- The Washington Times - Sunday, December 3, 2006

Dear Sgt. Shaft:

Out of the confusion and chaos prior to World War II and through the Blind Rehabilitation Service’s (BRS) dedicated effort, a centralized model to provide blinded veterans the best state-of-the-art care and rehabilitation was born. The program provided blinded veterans with the ability to apply proven techniques to maximize independence and self-confidence and integrate into society as much as their potential permitted. The first step to rehabilitation is to maximize the effort toward self-sufficiency so that a blinded veteran can contribute to society.

The BRS centralized model, program philosophy and techniques accomplished this mission, resulting in acceptance and adaptation as the worldwide model. In 1968, the Veterans Administration agreed to adapt the BRS centralized model, which relied on well-trained, dedicated rehabilitation staff that provided an individualized program of instruction based on assessed needs of blind veterans. Civilian programs trying to emulate BRS techniques met with limited results because they lacked uniformity and the highly disciplined training methodology required for success.

This coupling of a centralized structure incorporating the firsthand rehabilitation experience of blinded veterans produced a successful uniformity of effort and a BRS program that was always the envy of the world.

Today I am sad to report for the past decade this successful and highly emulated centralization model was discontinued by the VA. As a result, tremendous backlogs of Iraq and other aging blinded veterans with additional health problems are being treated unfairly by a medical model that forces them to wait for rehabilitation. This delay increases rehabilitation wait time and cost, and is frustrating for our blinded veterans.

To continue such a system that supports these adverse impacts is criminal. Don’t we owe the “greatest generation” more than our gratitude? To force the BRS to use an unproven decentralized model has the continuing double effect of forcing our Iraq veterans to wait for treatment and/or having to be trained by unqualified personnel.

Due to lack of centralized oversight, some hospital managers, in a misguided approach to cost savings, have required BRS chiefs to limit time, days and scope of training available to blinded veterans, effectively limiting individualized programs and creating generic and watered-down blind rehabilitation.
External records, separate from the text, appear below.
(* Let $p\ge2$ and $c>0$ be such that $N_p^c$ exists, and suppose that for every $c'\in(0,c]$ the set $N_p^{c'}$ has the star property: for every $x\in N_p^{c'}$ and every $\lambda\in[0,1)$, $\lambda x\in\mathrm{Int}(N_p^{c'})$. Then $V_p$ is radially increasing on $N_p^c$: for every $x\in N_p^c\setminus\{0\}$ and all $0\le\lambda_1<\lambda_2\le1$, $V_p(\lambda_1x)<V_p(\lambda_2 x)$.
   Context: Let $f:\mathbb{R}^n\to\mathbb{R}^n$ be real-analytic with $f(0)=0$, and assume all eigenvalues of $A=\frac{\partial f}{\partial x}(0)$ have negative real parts. $\|\cdot\|$ is the Euclidean norm. Let $V$ be the real-analytic function on a neighborhood of $0$ with $\langle\nabla V(x),f(x)\rangle=-\|x\|^2$, $V(0)=0$, and for $p\ge 2$ let $V_p$ be the Taylor polynomial of $V$ at $0$ of degree $p$ (terms of degrees $2,\dots,p$). Let $G_p$ be the maximal domain (connected open set) containing $0$ such that $V_p(x)>0$ and $\langle\nabla V_p(x),f(x)\rangle<0$ for all $x\in G_p\setminus\{0\}$. A closed connected set $S\subset\mathbb{R}^n$ is called $(p,c)$-admissible if: $0\in\mathrm{Int}(S)$; $V_p(x)<c$ for all $x\in\mathrm{Int}(S)$; $V_p(x)=c$ for all $x\in\partial S$; and $S$ is compact with $S\subset G_p$. For given $p,c$ there is at most one such set; when it exists it is denoted $N_p^c$. *)

From HB Require Import structures.
From mathcomp Require Import all_boot all_order all_algebra.
From mathcomp Require Import all_classical all_reals all_analysis.
From mathcomp Require Import complex.

Set Implicit Arguments.
Unset Strict Implicit.
Unset Printing Implicit Defensive.

Import Order.TTheory GRing.Theory Num.Theory.
Import numFieldNormedType.Exports.
Local Open Scope classical_set_scope.
Local Open Scope ring_scope.

Section Defs.
Variable R : realType.
Variable n : nat.

(* Squared Euclidean norm  ||x||^2 = sum_i x_i^2  (the library norm on
   'rV_n is the max norm, so we write the Euclidean one explicitly). *)
Definition sqnorm (x : 'rV[R]_n) : R := \sum_(i < n) x 0 i ^+ 2.

(* Multi-indices alpha : 'I_n -> nat of total degree k are encoded as
   a : {ffun 'I_n -> 'I_k.+1} with \sum_i a i = k. *)
Definition homog_part (k : nat) (c : {ffun 'I_n -> 'I_k.+1} -> R)
    (h : 'rV[R]_n) : R :=
  \sum_(a : {ffun 'I_n -> 'I_k.+1} | (\sum_(i < n) (a i : nat))%N == k)
     c a * \prod_(i < n) h 0 i ^+ a i.

Definition abs_homog_part (k : nat) (c : {ffun 'I_n -> 'I_k.+1} -> R)
    (r : R) : R :=
  \sum_(a : {ffun 'I_n -> 'I_k.+1} | (\sum_(i < n) (a i : nat))%N == k)
     `|c a| * r ^+ k.

(* g is real-analytic at x0: near x0 it is the sum of a power series
   sum_alpha c_alpha (x - x0)^alpha that converges absolutely on a
   polydisc of radius r > 0 (terms grouped by total degree). *)
Definition analytic_at (g : 'rV[R]_n -> R) (x0 : 'rV[R]_n) : Prop :=
  exists (c : forall k : nat, {ffun 'I_n -> 'I_k.+1} -> R) (r : R),
    [/\ 0 < r,
        (exists l : R, series (fun k => abs_homog_part (c k) r) @ \oo --> l) &
        forall h : 'rV[R]_n, (forall i, `|h 0 i| < r) ->
          series (fun k => homog_part (c k) h) @ \oo --> g (x0 + h)].

Definition analytic_on (g : 'rV[R]_n -> R) (U : set 'rV[R]_n) : Prop :=
  forall x, U x -> analytic_at g x.

Definition hurwitz (A : 'M[R]_n) : Prop :=
  forall z : R[i],
    root (map_poly (fun x : R => Complex x 0) (char_poly A)) z -> Re z < 0.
Individualized programs were never more critically needed than for our soldiers returning from Iraq with improvised explosive device blast injuries that can result in blindness. The administration must reinstate centralization of the BRS program and appropriately upgrade the position of the director of blind rehabilitation, giving it more authority. Our returning Iraq blinded heroes deserve better. Sgt. Shaft, can you help me correct this gross injustice?

Respectfully submitted,

Stephen H. Miyagawa

Blinded Korean War veteran

Dear Steve:

The powers that be at the Department of Veterans Affairs (VA) wanted to increase the authority of the director of blind rehabilitation as a first step toward centralization. The VA secretary, however, informed me that the executive director of the Blinded Veterans Association did not support this decision. I have been informed that the executive director did this without the knowledge of the BVA board or its members.

This leaves the VA with a dysfunctional Blind Rehabilitation Program. Each of its centers operates with different missions and programs. Visual impairment service team coordinators and blind rehabilitation outreach specialists march to different drummers, leaving services to blinded veterans a demographic crapshoot.

A good example of this is the disparity in the lack of availability of ScripTalk, a talking prescription reader for the visually impaired. The availability of this technology and other services should not be determined on where a blinded veteran lives. I urge the secretary to immediately upgrade the director’s position and to centralize this vital program.